DATA EXCERPTS.

Lemma sum_horner_moment (n d : nat) (S : {set 'I_n}) (lam : 'I_n -> R)
    (q : {poly R}) : (size q <= d.+1)%N ->
  \sum_(v in S) lam v * q.[(val v)%:R] =
  q`_0 * \sum_(v in S) lam v +
  \sum_(i < d) q`_i.+1 * \sum_(v in S) lam v * moment_curve v i.
Proof.
move=> size_q.
under eq_bigr => v _ do rewrite (horner_coef_wide _ size_q) mulr_sumr.
rewrite exchange_big big_ord_recl /=; congr (_ + _).
  by rewrite mulr_sumr; apply: eq_bigr => v _; rewrite expr0 mulr1 mulrC.
apply: eq_bigr => i _; rewrite mulr_sumr; apply: eq_bigr => v _.
by rewrite /moment_curve mulrCA.
Qed.

(* Any d + 1 points of the moment curve are affinely independent: the         *)
(* polynomial vanishing on all of them but w detects the coefficient of w.    *)
Lemma aff_indep_moment (n d : nat) (e : {set 'I_n}) :
  (#|e| <= d.+1)%N -> aff_indep (@moment_curve n d) e.
Proof.
move=> card_e mu mu_sum mu_mom w we.
pose q : {poly R} := \prod_(u <- enum (e :\ w)) ('X - ((val u)%:R)%:P).
have size_q : (size q <= d.+1)%N.
  by rewrite size_prod_XsubC -cardE; move: card_e; rewrite (cardsD1 w e) we.
have q_root v : v \in e :\ w -> q.[(val v)%:R] = 0.
  move=> vew; rewrite horner_prod (bigD1_seq v) ?enum_uniq ?mem_enum //=.
  by rewrite !hornerE subrr mul0r.
have q_w : q.[(val w)%:R] != 0.
  rewrite horner_prod prodf_seq_neq0; apply/allP => u; rewrite mem_enum !inE.
  by case/andP=> uw _; rewrite !hornerE subr_eq0 eqr_nat eq_sym val_eqE.
have mom0 : \sum_(i < d) q`_i.+1 * \sum_(v in e) mu v * moment_curve v i = 0.
  by apply: big1 => i _; rewrite (mu_mom i) mulr0.
have := sum_horner_moment e mu size_q.
rewrite RplusE in mu_sum; rewrite mu_sum mulr0 add0r mom0.
rewrite (bigD1 w we) /= big1 ?addr0; last first.
  by move=> v /andP [ve vw]; rewrite q_root ?mulr0 // !inE vw.
by move/eqP; rewrite mulf_eq0 (negbTE q_w) orbF => /eqP.
Qed.

Lemma sum_vanishing_outside (n : nat) (A B : {set 'I_n}) (F : 'I_n -> R) :
  (forall v, v \in A -> v \notin B -> F v = 0) ->
  \sum_(v in A) F v = \sum_(v in B :&: A) F v.
Proof.
move=> F0; rewrite big_mkcond [RHS]big_mkcond; apply: eq_bigr => v _.
by rewrite inE; case vA: (v \in A); case vB: (v \in B) => //=; rewrite F0 ?vB.
Qed.

Lemma in_conv_subset (n d : nat) (phi : 'I_n -> 'I_d -> R) (A B : {set 'I_n}) x :
  A \subset B -> in_conv phi A x -> in_conv phi B x.
Proof.
move=> sAB /in_convE [lam [l0 l1 lx]]; apply/in_convE.
have AB_inter : A :&: B = A by apply/setIidPl.
exists (fun v => if v \in A then lam v else 0); split.
- by move=> v; case: (v \in A).
- rewrite (sum_vanishing_outside (B := A)) => [|v _ /negbTE -> //].
  by rewrite AB_inter -l1; apply: eq_bigr => v ->.
- move=> i; rewrite (sum_vanishing_outside (B := A)) => [|v _ /negbTE ->];
    last exact: mul0r.
  by rewrite AB_inter -lx; apply: eq_bigr => v ->.
Qed.

(* Separation: if a polynomial of degree <= d vanishes on e1 and is positive *)
(* on e2 :\: e1, a common point of the hulls of e1 and e2 is a convex        *)
(* combination of e1 :&: e2: integrating q against the weights of x shows    *)
(* that the weights of e2 vanish outside e1.                                 *)
Lemma moment_separation (n d : nat) (e1 e2 : {set 'I_n}) (q : {poly R}) x :
  (size q <= d.+1)%N ->
  (forall u, u \in e1 -> q.[(val u)%:R] = 0) ->
  (forall v, v \in e2 -> v \notin e1 -> 0 < q.[(val v)%:R]) ->
  in_conv (@moment_curve n d) e1 x -> in_conv (@moment_curve n d) e2 x ->
  in_conv (@moment_curve n d) (e1 :&: e2) x.
Proof.
move=> size_q q_e1 q_e2 /in_convE [lam [_ l1 lx]] /in_convE [mu [m0 m1 mx]].
have int_q : \sum_(v in e2) mu v * q.[(val v)%:R] = 0.
  rewrite (sum_horner_moment _ _ size_q) m1.
  under eq_bigr => i _ do rewrite mx -lx.
  rewrite -l1 -(sum_horner_moment _ _ size_q).
  by apply: big1 => v ve; rewrite q_e1 ?mulr0.
have mu_q0 v : v \in e2 -> mu v * q.[(val v)%:R] = 0.
  apply: (psumr_eq0P _ int_q) => u ue; case ue1: (u \in e1).
    by rewrite q_e1 ?mulr0.
  by rewrite mulr_ge0 // ltW // q_e2 ?ue1.
have mu0 v : v \in e2 -> v \notin e1 -> mu v = 0.
  move=> ve vn; move/eqP: (mu_q0 v ve); rewrite mulf_eq0 => /orP [/eqP //|].
  by rewrite gt_eqF ?q_e2.
apply/in_convE; exists mu; split => //.
- by rewrite -m1 [RHS](sum_vanishing_outside (B := e1)).
- move=> i; rewrite -(mx i) [RHS](sum_vanishing_outside (B := e1)) // => v ve vn.
  by rewrite mu0 ?mul0r.
Qed.

Definition moment_separable (n d : nat) (e : {set 'I_n}) : Prop :=
  exists (a : nat) (q : {poly R}),
  [/\ forall u, u \in e -> (a <= u)%N, (size q <= d.+1)%N,
      forall u, u \in e -> q.[(val u)%:R] = 0
    & forall v : 'I_n, v \notin e -> (a <= v)%N -> 0 < q.[(val v)%:R]].

(* A hypergraph whose edges have at most d + 1 vertices and are all          *)
(* moment-separable is embedded by the moment curve: for two edges, the      *)
(* polynomial of the one with the smaller lower bound separates it from the  *)
(* other.                                                                    *)
Lemma moment_embedding (n d : nat) (E : {set {set 'I_n}}) :
  (forall e, e \in E -> #|e| <= d.+1)%N ->
  (forall e, e \in E -> moment_separable d e) ->
  is_embedding E (@moment_curve n d).
Proof.
move=> card_E sep_E; split=> [e eE|e1 e2 e1E e2E x].
  exact/aff_indep_moment/card_E.
split=> [[x1 x2] | x12]; last first.
  by split; apply: in_conv_subset x12; [exact: subsetIl | exact: subsetIr].
have [a1 [q1 [a1_low size_q1 q1_e1 q1_pos]]] := sep_E e1 e1E.
have [a2 [q2 [a2_low size_q2 q2_e2 q2_pos]]] := sep_E e2 e2E.
have [a12 | a21] := leqP a1 a2.
  apply: (moment_separation size_q1 q1_e1) x1 x2 => v ve2 vne1.
  by apply: q1_pos vne1 _; apply: leq_trans a12 (a2_low v ve2).
rewrite setIC; apply: (moment_separation size_q2 q2_e2) x2 x1 => v ve1 vne2.
by apply: q2_pos vne2 _; apply: leq_trans (ltnW a21) (a1_low v ve1).
Qed.

(* Gale's evenness argument: a vertex v outside a run of consecutive pairs   *)
(* of roots m, m+1, ..., m+2j-1 sees a positive product of the v - r.        *)
Lemma prod_pairs_gt0 (v m j : nat) : ((v < m) || (m + j.*2 <= v))%N ->
  0 < \prod_(r <- iota m j.*2) ((v%:R : R) - r%:R).
Proof.
elim: j m => [|j IH] m v_out; first by rewrite big_nil.
rewrite doubleS /= !big_cons mulrA mulr_gt0 ?IH //; last first.
  by move: v_out; rewrite doubleS; lia.
case/orP: v_out => [v_lt | v_ge].
  have below_m : (v%:R : R) - m%:R < 0 by rewrite subr_lt0 ltr_nat.
  have below_m1 : (v%:R : R) - m.+1%:R < 0 by rewrite subr_lt0 ltr_nat; lia.
  nra.
have above_m : 0 < (v%:R : R) - m%:R by rewrite subr_gt0 ltr_nat; lia.
have above_m1 : 0 < (v%:R : R) - m.+1%:R by rewrite subr_gt0 ltr_nat; lia.
nra.
Qed.

Definition gale_tail (n h m : nat) : seq nat :=
  iota m h./2.*2 ++ nseq (odd h) n.-1.

Lemma gale_tail_sign (n h m v : nat) : (v < n)%N -> v \notin gale_tail n h m ->
  0 < (-1) ^+ odd h * \prod_(r <- gale_tail n h m) ((v%:R : R) - r%:R).
Proof.
rewrite /gale_tail big_cat mem_cat negb_or => vn /andP [v_pairs v_last].
have pairs_pos : 0 < \prod_(r <- iota m h./2.*2) ((v%:R : R) - r%:R).
  by apply: prod_pairs_gt0; move: v_pairs; rewrite mem_iota; lia.
case: (odd h) v_last => /= v_last; last by rewrite big_nil mulr1 mul1r.
rewrite big_cons big_nil mulr1 expr1 mulN1r -mulrN mulr_gt0 // oppr_gt0.
by rewrite subr_lt0 ltr_nat; move: v_last; rewrite inE; lia.
Qed.

Lemma gale_tail_props (n h m : nat) : (m + h <= n)%N ->
  [/\ size (gale_tail n h m) = h, uniq (gale_tail n h m),
      all (fun u => u < n)%N (gale_tail n h m)
    & forall u, u \in gale_tail n h m -> (m <= u)%N].
Proof.
move=> mhn; have h_split := odd_double_half h.
rewrite /gale_tail size_cat size_iota size_nseq cat_uniq iota_uniq all_cat.
split.
- lia.
- case: (odd h) h_split => /= h_split; rewrite ?andbT // mem_iota; lia.
- apply/andP; split; apply/allP => u; rewrite ?mem_iota ?mem_nseq; lia.
- by move=> u; rewrite mem_cat mem_iota mem_nseq; lia.
Qed.

Lemma gale_tail_cover (n h u : nat) : (n - h <= u < n)%N ->
  u \in gale_tail n h (n - h).
Proof.
move=> u_range; have h_split := odd_double_half h.
rewrite /gale_tail mem_cat mem_iota mem_nseq; lia.
Qed.

Lemma gale_tail_head (n h m : nat) : (2 <= h)%N -> m \in gale_tail n h m.
Proof.
move=> h2; have h_split := odd_double_half h.
rewrite /gale_tail mem_cat mem_iota; lia.
Qed.

Definition gale_edge_seq (n k x y : nat) : seq nat :=
  minn x (n - k) :: gale_tail n k.-1 (minn y (n - k).+1).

EXERCISE PROMPT. Only the lines that hold the word "exists" are wanted; each should be pulled from the records.

RESULT BELOW.
exists (fun v => if v \in A then lam v else 0); split.
apply/in_convE; exists mu; split => //.
  exists (a : nat) (q : {poly R}),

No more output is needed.